'''
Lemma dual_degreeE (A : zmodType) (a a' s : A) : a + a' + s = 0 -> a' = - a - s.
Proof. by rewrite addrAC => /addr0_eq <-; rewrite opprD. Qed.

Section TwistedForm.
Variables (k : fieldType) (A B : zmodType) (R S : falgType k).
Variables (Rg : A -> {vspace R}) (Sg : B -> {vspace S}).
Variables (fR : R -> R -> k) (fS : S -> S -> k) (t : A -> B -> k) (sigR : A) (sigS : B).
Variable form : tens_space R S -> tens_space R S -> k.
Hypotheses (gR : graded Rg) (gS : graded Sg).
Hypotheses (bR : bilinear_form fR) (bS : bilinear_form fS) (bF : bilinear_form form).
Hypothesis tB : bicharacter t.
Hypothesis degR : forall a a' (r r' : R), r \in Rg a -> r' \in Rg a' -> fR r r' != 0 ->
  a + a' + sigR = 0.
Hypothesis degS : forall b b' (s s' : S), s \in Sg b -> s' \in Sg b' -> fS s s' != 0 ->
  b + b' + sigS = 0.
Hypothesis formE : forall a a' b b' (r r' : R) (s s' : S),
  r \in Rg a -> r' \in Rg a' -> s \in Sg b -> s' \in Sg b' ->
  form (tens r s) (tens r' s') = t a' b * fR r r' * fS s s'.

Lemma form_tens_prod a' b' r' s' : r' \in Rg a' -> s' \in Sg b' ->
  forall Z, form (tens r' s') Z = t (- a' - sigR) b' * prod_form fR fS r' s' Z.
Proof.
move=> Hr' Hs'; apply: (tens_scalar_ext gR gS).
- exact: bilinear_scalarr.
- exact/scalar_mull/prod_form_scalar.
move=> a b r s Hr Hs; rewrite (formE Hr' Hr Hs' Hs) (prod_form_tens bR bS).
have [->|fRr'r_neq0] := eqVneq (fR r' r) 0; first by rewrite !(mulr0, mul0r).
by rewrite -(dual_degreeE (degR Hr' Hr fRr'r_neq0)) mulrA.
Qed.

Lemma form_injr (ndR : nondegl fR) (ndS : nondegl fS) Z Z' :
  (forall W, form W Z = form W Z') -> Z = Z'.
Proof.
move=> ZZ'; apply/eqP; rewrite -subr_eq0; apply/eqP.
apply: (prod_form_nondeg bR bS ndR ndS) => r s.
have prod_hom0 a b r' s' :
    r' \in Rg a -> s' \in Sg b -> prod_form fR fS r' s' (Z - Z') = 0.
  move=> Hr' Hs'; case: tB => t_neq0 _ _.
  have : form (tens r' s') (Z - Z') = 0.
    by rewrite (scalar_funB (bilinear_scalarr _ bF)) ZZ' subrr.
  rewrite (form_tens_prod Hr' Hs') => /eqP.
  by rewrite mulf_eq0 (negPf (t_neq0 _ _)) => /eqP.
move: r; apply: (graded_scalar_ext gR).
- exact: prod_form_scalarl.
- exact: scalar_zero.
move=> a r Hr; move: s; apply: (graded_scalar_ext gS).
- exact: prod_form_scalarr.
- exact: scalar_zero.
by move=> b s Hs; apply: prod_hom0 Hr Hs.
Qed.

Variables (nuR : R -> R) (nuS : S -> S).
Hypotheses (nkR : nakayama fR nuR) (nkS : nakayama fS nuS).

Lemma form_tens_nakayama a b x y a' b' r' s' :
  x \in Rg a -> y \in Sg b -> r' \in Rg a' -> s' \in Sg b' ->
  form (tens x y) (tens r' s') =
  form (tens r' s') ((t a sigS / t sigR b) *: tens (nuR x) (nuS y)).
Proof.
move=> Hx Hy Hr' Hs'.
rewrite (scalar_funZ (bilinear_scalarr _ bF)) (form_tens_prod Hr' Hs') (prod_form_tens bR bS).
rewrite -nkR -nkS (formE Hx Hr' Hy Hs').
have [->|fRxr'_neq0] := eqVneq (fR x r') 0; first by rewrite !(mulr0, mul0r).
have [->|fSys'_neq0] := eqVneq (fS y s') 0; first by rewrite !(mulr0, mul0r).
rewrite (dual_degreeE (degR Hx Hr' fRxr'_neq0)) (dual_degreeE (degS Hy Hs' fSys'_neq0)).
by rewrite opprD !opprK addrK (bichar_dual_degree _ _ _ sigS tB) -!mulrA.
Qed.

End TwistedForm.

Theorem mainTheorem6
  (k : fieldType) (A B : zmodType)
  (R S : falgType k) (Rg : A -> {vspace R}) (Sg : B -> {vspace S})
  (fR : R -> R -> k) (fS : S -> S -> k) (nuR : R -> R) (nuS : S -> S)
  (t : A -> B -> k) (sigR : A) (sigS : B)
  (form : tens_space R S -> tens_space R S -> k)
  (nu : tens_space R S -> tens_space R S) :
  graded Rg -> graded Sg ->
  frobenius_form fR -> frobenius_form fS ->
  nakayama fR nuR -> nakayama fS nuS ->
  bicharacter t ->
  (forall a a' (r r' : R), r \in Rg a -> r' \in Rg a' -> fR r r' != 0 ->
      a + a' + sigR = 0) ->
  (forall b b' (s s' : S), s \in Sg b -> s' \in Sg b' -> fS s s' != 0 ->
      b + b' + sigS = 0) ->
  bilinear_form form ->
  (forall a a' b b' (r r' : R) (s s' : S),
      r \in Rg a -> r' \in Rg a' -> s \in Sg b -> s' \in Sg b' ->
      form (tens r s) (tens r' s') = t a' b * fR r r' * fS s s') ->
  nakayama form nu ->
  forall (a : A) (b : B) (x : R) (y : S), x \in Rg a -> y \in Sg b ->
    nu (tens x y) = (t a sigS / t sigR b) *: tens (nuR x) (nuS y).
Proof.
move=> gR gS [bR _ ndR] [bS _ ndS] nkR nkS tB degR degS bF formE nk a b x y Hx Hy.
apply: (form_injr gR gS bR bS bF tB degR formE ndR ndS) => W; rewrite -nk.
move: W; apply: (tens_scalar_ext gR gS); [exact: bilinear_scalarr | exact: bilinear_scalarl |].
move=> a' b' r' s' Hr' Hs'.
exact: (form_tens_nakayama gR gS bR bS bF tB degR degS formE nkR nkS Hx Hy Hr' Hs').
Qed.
'''
About this exercise: Each entry needs to be copied out exactly.

Solution to the problem:
Lemma dual_degreeE (A : zmodType) (a a' s : A) : a + a' + s = 0 -> a' = - a - s.
Proof. by rewrite addrAC => /addr0_eq <-; rewrite opprD. Qed.

Section TwistedForm.
Variables (k : fieldType) (A B : zmodType) (R S : falgType k).
Variables (Rg : A -> {vspace R}) (Sg : B -> {vspace S}).
Variables (fR : R -> R -> k) (fS : S -> S -> k) (t : A -> B -> k) (sigR : A) (sigS : B).
Variable form : tens_space R S -> tens_space R S -> k.
Hypotheses (gR : graded Rg) (gS : graded Sg).
Hypotheses (bR : bilinear_form fR) (bS : bilinear_form fS) (bF : bilinear_form form).
Hypothesis tB : bicharacter t.
Hypothesis degR : forall a a' (r r' : R), r \in Rg a -> r' \in Rg a' -> fR r r' != 0 ->
  a + a' + sigR = 0.
Hypothesis degS : forall b b' (s s' : S), s \in Sg b -> s' \in Sg b' -> fS s s' != 0 ->
  b + b' + sigS = 0.
Hypothesis formE : forall a a' b b' (r r' : R) (s s' : S),
  r \in Rg a -> r' \in Rg a' -> s \in Sg b -> s' \in Sg b' ->
  form (tens r s) (tens r' s') = t a' b * fR r r' * fS s s'.

Lemma form_tens_prod a' b' r' s' : r' \in Rg a' -> s' \in Sg b' ->
  forall Z, form (tens r' s') Z = t (- a' - sigR) b' * prod_form fR fS r' s' Z.
Proof.
move=> Hr' Hs'; apply: (tens_scalar_ext gR gS).
- exact: bilinear_scalarr.
- exact/scalar_mull/prod_form_scalar.
move=> a b r s Hr Hs; rewrite (formE Hr' Hr Hs' Hs) (prod_form_tens bR bS).
have [->|fRr'r_neq0] := eqVneq (fR r' r) 0; first by rewrite !(mulr0, mul0r).
by rewrite -(dual_degreeE (degR Hr' Hr fRr'r_neq0)) mulrA.
Qed.

Lemma form_injr (ndR : nondegl fR) (ndS : nondegl fS) Z Z' :
  (forall W, form W Z = form W Z') -> Z = Z'.
Proof.
move=> ZZ'; apply/eqP; rewrite -subr_eq0; apply/eqP.
apply: (prod_form_nondeg bR bS ndR ndS) => r s.
have prod_hom0 a b r' s' :
    r' \in Rg a -> s' \in Sg b -> prod_form fR fS r' s' (Z - Z') = 0.
  move=> Hr' Hs'; case: tB => t_neq0 _ _.
  have : form (tens r' s') (Z - Z') = 0.
    by rewrite (scalar_funB (bilinear_scalarr _ bF)) ZZ' subrr.
  rewrite (form_tens_prod Hr' Hs') => /eqP.
  by rewrite mulf_eq0 (negPf (t_neq0 _ _)) => /eqP.
move: r; apply: (graded_scalar_ext gR).
- exact: prod_form_scalarl.
- exact: scalar_zero.
move=> a r Hr; move: s; apply: (graded_scalar_ext gS).
- exact: prod_form_scalarr.
- exact: scalar_zero.
by move=> b s Hs; apply: prod_hom0 Hr Hs.
Qed.

Variables (nuR : R -> R) (nuS : S -> S).
Hypotheses (nkR : nakayama fR nuR) (nkS : nakayama fS nuS).

Lemma form_tens_nakayama a b x y a' b' r' s' :
  x \in Rg a -> y \in Sg b -> r' \in Rg a' -> s' \in Sg b' ->
  form (tens x y) (tens r' s') =
  form (tens r' s') ((t a sigS / t sigR b) *: tens (nuR x) (nuS y)).
Proof.
move=> Hx Hy Hr' Hs'.
rewrite (scalar_funZ (bilinear_scalarr _ bF)) (form_tens_prod Hr' Hs') (prod_form_tens bR bS).
rewrite -nkR -nkS (formE Hx Hr' Hy Hs').
have [->|fRxr'_neq0] := eqVneq (fR x r') 0; first by rewrite !(mulr0, mul0r).
have [->|fSys'_neq0] := eqVneq (fS y s') 0; first by rewrite !(mulr0, mul0r).
rewrite (dual_degreeE (degR Hx Hr' fRxr'_neq0)) (dual_degreeE (degS Hy Hs' fSys'_neq0)).
by rewrite opprD !opprK addrK (bichar_dual_degree _ _ _ sigS tB) -!mulrA.
Qed.

End TwistedForm.

Theorem mainTheorem6
  (k : fieldType) (A B : zmodType)
  (R S : falgType k) (Rg : A -> {vspace R}) (Sg : B -> {vspace S})
  (fR : R -> R -> k) (fS : S -> S -> k) (nuR : R -> R) (nuS : S -> S)
  (t : A -> B -> k) (sigR : A) (sigS : B)
  (form : tens_space R S -> tens_space R S -> k)
  (nu : tens_space R S -> tens_space R S) :
  graded Rg -> graded Sg ->
  frobenius_form fR -> frobenius_form fS ->
  nakayama fR nuR -> nakayama fS nuS ->
  bicharacter t ->
  (forall a a' (r r' : R), r \in Rg a -> r' \in Rg a' -> fR r r' != 0 ->
      a + a' + sigR = 0) ->
  (forall b b' (s s' : S), s \in Sg b -> s' \in Sg b' -> fS s s' != 0 ->
      b + b' + sigS = 0) ->
  bilinear_form form ->
  (forall a a' b b' (r r' : R) (s s' : S),
      r \in Rg a -> r' \in Rg a' -> s \in Sg b -> s' \in Sg b' ->
      form (tens r s) (tens r' s') = t a' b * fR r r' * fS s s') ->
  nakayama form nu ->
  forall (a : A) (b : B) (x : R) (y : S), x \in Rg a -> y \in Sg b ->
    nu (tens x y) = (t a sigS / t sigR b) *: tens (nuR x) (nuS y).
Proof.
move=> gR gS [bR _ ndR] [bS _ ndS] nkR nkS tB degR degS bF formE nk a b x y Hx Hy.
apply: (form_injr gR gS bR bS bF tB degR formE ndR ndS) => W; rewrite -nk.
move: W; apply: (tens_scalar_ext gR gS); [exact: bilinear_scalarr | exact: bilinear_scalarl |].
move=> a' b' r' s' Hr' Hs'.
exact: (form_tens_nakayama gR gS bR bS bF tB degR degS formE nkR nkS Hx Hy Hr' Hs').
Qed.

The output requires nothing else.